▶ [WHAT TO PRODUCE] Your answer must be a word-for-word copy of the data.
--- RECORDS SHOWN ---
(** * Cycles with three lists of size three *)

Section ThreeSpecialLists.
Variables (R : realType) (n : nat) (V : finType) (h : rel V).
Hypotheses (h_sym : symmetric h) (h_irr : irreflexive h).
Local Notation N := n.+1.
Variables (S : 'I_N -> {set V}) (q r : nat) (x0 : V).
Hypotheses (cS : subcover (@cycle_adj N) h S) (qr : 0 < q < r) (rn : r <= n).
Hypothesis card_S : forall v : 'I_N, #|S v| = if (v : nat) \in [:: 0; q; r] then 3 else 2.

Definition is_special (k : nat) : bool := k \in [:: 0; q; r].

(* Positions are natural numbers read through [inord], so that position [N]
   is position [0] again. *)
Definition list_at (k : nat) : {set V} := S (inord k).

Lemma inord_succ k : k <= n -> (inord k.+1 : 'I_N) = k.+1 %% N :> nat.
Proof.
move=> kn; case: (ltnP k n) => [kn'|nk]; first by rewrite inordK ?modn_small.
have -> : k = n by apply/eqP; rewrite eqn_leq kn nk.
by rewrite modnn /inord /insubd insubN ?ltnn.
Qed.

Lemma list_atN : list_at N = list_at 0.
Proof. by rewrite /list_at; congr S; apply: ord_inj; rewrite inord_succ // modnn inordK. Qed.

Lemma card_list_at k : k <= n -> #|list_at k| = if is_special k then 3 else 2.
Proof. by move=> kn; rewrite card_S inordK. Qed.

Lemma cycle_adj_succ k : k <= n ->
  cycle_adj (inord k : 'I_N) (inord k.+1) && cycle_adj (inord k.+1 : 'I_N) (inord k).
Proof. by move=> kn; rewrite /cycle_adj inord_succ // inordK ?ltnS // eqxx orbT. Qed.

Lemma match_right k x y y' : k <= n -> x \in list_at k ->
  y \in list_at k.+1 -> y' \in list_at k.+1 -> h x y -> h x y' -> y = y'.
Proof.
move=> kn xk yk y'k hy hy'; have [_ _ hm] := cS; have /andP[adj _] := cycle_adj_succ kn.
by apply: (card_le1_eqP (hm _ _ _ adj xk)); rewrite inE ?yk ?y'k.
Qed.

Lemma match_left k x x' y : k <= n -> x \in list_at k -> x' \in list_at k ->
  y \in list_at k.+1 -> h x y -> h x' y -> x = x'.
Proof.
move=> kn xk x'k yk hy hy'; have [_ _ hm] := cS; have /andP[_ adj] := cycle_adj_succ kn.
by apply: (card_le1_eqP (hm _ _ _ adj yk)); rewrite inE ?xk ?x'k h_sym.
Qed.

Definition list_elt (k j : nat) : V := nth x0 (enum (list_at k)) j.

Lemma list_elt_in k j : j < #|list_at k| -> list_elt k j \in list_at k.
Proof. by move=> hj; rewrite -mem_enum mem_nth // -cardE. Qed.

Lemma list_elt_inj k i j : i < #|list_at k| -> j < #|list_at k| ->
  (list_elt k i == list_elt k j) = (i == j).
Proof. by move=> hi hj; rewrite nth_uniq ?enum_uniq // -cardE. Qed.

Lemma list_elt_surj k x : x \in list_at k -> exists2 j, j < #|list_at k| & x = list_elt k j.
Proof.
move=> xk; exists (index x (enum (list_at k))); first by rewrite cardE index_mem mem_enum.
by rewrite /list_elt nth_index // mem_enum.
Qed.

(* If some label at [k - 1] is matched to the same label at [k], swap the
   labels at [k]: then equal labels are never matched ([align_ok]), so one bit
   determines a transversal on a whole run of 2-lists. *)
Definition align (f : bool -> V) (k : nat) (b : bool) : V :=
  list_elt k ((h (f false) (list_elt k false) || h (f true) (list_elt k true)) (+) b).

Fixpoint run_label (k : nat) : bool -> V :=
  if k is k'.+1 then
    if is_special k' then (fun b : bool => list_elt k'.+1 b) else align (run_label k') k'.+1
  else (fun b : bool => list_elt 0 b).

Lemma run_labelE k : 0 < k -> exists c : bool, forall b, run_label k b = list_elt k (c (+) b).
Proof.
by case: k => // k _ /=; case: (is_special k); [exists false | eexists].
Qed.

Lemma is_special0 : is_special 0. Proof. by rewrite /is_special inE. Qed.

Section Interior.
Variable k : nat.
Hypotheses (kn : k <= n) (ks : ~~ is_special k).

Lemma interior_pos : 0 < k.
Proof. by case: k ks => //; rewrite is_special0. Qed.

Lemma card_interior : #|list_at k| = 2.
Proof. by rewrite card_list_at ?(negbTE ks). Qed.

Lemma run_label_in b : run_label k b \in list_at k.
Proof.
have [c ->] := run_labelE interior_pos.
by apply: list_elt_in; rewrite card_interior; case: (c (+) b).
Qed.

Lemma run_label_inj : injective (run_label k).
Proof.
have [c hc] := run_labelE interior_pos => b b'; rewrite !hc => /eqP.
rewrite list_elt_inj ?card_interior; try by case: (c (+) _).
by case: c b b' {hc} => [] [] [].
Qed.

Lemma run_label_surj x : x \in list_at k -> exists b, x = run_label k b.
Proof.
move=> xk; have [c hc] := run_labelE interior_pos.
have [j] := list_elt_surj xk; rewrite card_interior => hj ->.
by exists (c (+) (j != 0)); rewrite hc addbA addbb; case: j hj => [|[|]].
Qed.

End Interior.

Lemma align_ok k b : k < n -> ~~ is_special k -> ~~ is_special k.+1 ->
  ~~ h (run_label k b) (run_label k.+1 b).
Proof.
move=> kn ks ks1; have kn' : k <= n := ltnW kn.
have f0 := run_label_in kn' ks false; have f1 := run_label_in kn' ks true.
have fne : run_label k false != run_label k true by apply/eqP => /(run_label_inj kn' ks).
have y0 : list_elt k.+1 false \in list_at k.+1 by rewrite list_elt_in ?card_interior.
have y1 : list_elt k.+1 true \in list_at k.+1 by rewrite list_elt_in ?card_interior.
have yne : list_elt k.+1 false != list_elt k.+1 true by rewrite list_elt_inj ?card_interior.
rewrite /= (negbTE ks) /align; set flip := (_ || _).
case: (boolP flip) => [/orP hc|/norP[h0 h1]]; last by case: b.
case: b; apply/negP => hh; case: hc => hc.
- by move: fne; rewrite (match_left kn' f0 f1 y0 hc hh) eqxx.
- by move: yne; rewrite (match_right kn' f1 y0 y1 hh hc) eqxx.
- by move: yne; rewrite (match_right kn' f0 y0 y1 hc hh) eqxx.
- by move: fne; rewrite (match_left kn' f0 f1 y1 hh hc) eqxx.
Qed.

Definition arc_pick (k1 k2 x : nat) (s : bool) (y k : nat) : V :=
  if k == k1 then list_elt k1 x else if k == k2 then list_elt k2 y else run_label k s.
---
▶ [TASK RESPONSE]
(** * Cycles with three lists of size three *)

Section ThreeSpecialLists.
Variables (R : realType) (n : nat) (V : finType) (h : rel V).
Hypotheses (h_sym : symmetric h) (h_irr : irreflexive h).
Local Notation N := n.+1.
Variables (S : 'I_N -> {set V}) (q r : nat) (x0 : V).
Hypotheses (cS : subcover (@cycle_adj N) h S) (qr : 0 < q < r) (rn : r <= n).
Hypothesis card_S : forall v : 'I_N, #|S v| = if (v : nat) \in [:: 0; q; r] then 3 else 2.

Definition is_special (k : nat) : bool := k \in [:: 0; q; r].

(* Positions are natural numbers read through [inord], so that position [N]
   is position [0] again. *)
Definition list_at (k : nat) : {set V} := S (inord k).

Lemma inord_succ k : k <= n -> (inord k.+1 : 'I_N) = k.+1 %% N :> nat.
Proof.
move=> kn; case: (ltnP k n) => [kn'|nk]; first by rewrite inordK ?modn_small.
have -> : k = n by apply/eqP; rewrite eqn_leq kn nk.
by rewrite modnn /inord /insubd insubN ?ltnn.
Qed.

Lemma list_atN : list_at N = list_at 0.
Proof. by rewrite /list_at; congr S; apply: ord_inj; rewrite inord_succ // modnn inordK. Qed.

Lemma card_list_at k : k <= n -> #|list_at k| = if is_special k then 3 else 2.
Proof. by move=> kn; rewrite card_S inordK. Qed.

Lemma cycle_adj_succ k : k <= n ->
  cycle_adj (inord k : 'I_N) (inord k.+1) && cycle_adj (inord k.+1 : 'I_N) (inord k).
Proof. by move=> kn; rewrite /cycle_adj inord_succ // inordK ?ltnS // eqxx orbT. Qed.

Lemma match_right k x y y' : k <= n -> x \in list_at k ->
  y \in list_at k.+1 -> y' \in list_at k.+1 -> h x y -> h x y' -> y = y'.
Proof.
move=> kn xk yk y'k hy hy'; have [_ _ hm] := cS; have /andP[adj _] := cycle_adj_succ kn.
by apply: (card_le1_eqP (hm _ _ _ adj xk)); rewrite inE ?yk ?y'k.
Qed.

Lemma match_left k x x' y : k <= n -> x \in list_at k -> x' \in list_at k ->
  y \in list_at k.+1 -> h x y -> h x' y -> x = x'.
Proof.
move=> kn xk x'k yk hy hy'; have [_ _ hm] := cS; have /andP[_ adj] := cycle_adj_succ kn.
by apply: (card_le1_eqP (hm _ _ _ adj yk)); rewrite inE ?xk ?x'k h_sym.
Qed.

Definition list_elt (k j : nat) : V := nth x0 (enum (list_at k)) j.

Lemma list_elt_in k j : j < #|list_at k| -> list_elt k j \in list_at k.
Proof. by move=> hj; rewrite -mem_enum mem_nth // -cardE. Qed.

Lemma list_elt_inj k i j : i < #|list_at k| -> j < #|list_at k| ->
  (list_elt k i == list_elt k j) = (i == j).
Proof. by move=> hi hj; rewrite nth_uniq ?enum_uniq // -cardE. Qed.

Lemma list_elt_surj k x : x \in list_at k -> exists2 j, j < #|list_at k| & x = list_elt k j.
Proof.
move=> xk; exists (index x (enum (list_at k))); first by rewrite cardE index_mem mem_enum.
by rewrite /list_elt nth_index // mem_enum.
Qed.

(* If some label at [k - 1] is matched to the same label at [k], swap the
   labels at [k]: then equal labels are never matched ([align_ok]), so one bit
   determines a transversal on a whole run of 2-lists. *)
Definition align (f : bool -> V) (k : nat) (b : bool) : V :=
  list_elt k ((h (f false) (list_elt k false) || h (f true) (list_elt k true)) (+) b).

Fixpoint run_label (k : nat) : bool -> V :=
  if k is k'.+1 then
    if is_special k' then (fun b : bool => list_elt k'.+1 b) else align (run_label k') k'.+1
  else (fun b : bool => list_elt 0 b).

Lemma run_labelE k : 0 < k -> exists c : bool, forall b, run_label k b = list_elt k (c (+) b).
Proof.
by case: k => // k _ /=; case: (is_special k); [exists false | eexists].
Qed.

Lemma is_special0 : is_special 0. Proof. by rewrite /is_special inE. Qed.

Section Interior.
Variable k : nat.
Hypotheses (kn : k <= n) (ks : ~~ is_special k).

Lemma interior_pos : 0 < k.
Proof. by case: k ks => //; rewrite is_special0. Qed.

Lemma card_interior : #|list_at k| = 2.
Proof. by rewrite card_list_at ?(negbTE ks). Qed.

Lemma run_label_in b : run_label k b \in list_at k.
Proof.
have [c ->] := run_labelE interior_pos.
by apply: list_elt_in; rewrite card_interior; case: (c (+) b).
Qed.

Lemma run_label_inj : injective (run_label k).
Proof.
have [c hc] := run_labelE interior_pos => b b'; rewrite !hc => /eqP.
rewrite list_elt_inj ?card_interior; try by case: (c (+) _).
by case: c b b' {hc} => [] [] [].
Qed.

Lemma run_label_surj x : x \in list_at k -> exists b, x = run_label k b.
Proof.
move=> xk; have [c hc] := run_labelE interior_pos.
have [j] := list_elt_surj xk; rewrite card_interior => hj ->.
by exists (c (+) (j != 0)); rewrite hc addbA addbb; case: j hj => [|[|]].
Qed.

End Interior.

Lemma align_ok k b : k < n -> ~~ is_special k -> ~~ is_special k.+1 ->
  ~~ h (run_label k b) (run_label k.+1 b).
Proof.
move=> kn ks ks1; have kn' : k <= n := ltnW kn.
have f0 := run_label_in kn' ks false; have f1 := run_label_in kn' ks true.
have fne : run_label k false != run_label k true by apply/eqP => /(run_label_inj kn' ks).
have y0 : list_elt k.+1 false \in list_at k.+1 by rewrite list_elt_in ?card_interior.
have y1 : list_elt k.+1 true \in list_at k.+1 by rewrite list_elt_in ?card_interior.
have yne : list_elt k.+1 false != list_elt k.+1 true by rewrite list_elt_inj ?card_interior.
rewrite /= (negbTE ks) /align; set flip := (_ || _).
case: (boolP flip) => [/orP hc|/norP[h0 h1]]; last by case: b.
case: b; apply/negP => hh; case: hc => hc.
- by move: fne; rewrite (match_left kn' f0 f1 y0 hc hh) eqxx.
- by move: yne; rewrite (match_right kn' f1 y0 y1 hh hc) eqxx.
- by move: yne; rewrite (match_right kn' f0 y0 y1 hc hh) eqxx.
- by move: fne; rewrite (match_left kn' f0 f1 y1 hh hc) eqxx.
Qed.

Definition arc_pick (k1 k2 x : nat) (s : bool) (y k : nat) : V :=
  if k == k1 then list_elt k1 x else if k == k2 then list_elt k2 y else run_label k s.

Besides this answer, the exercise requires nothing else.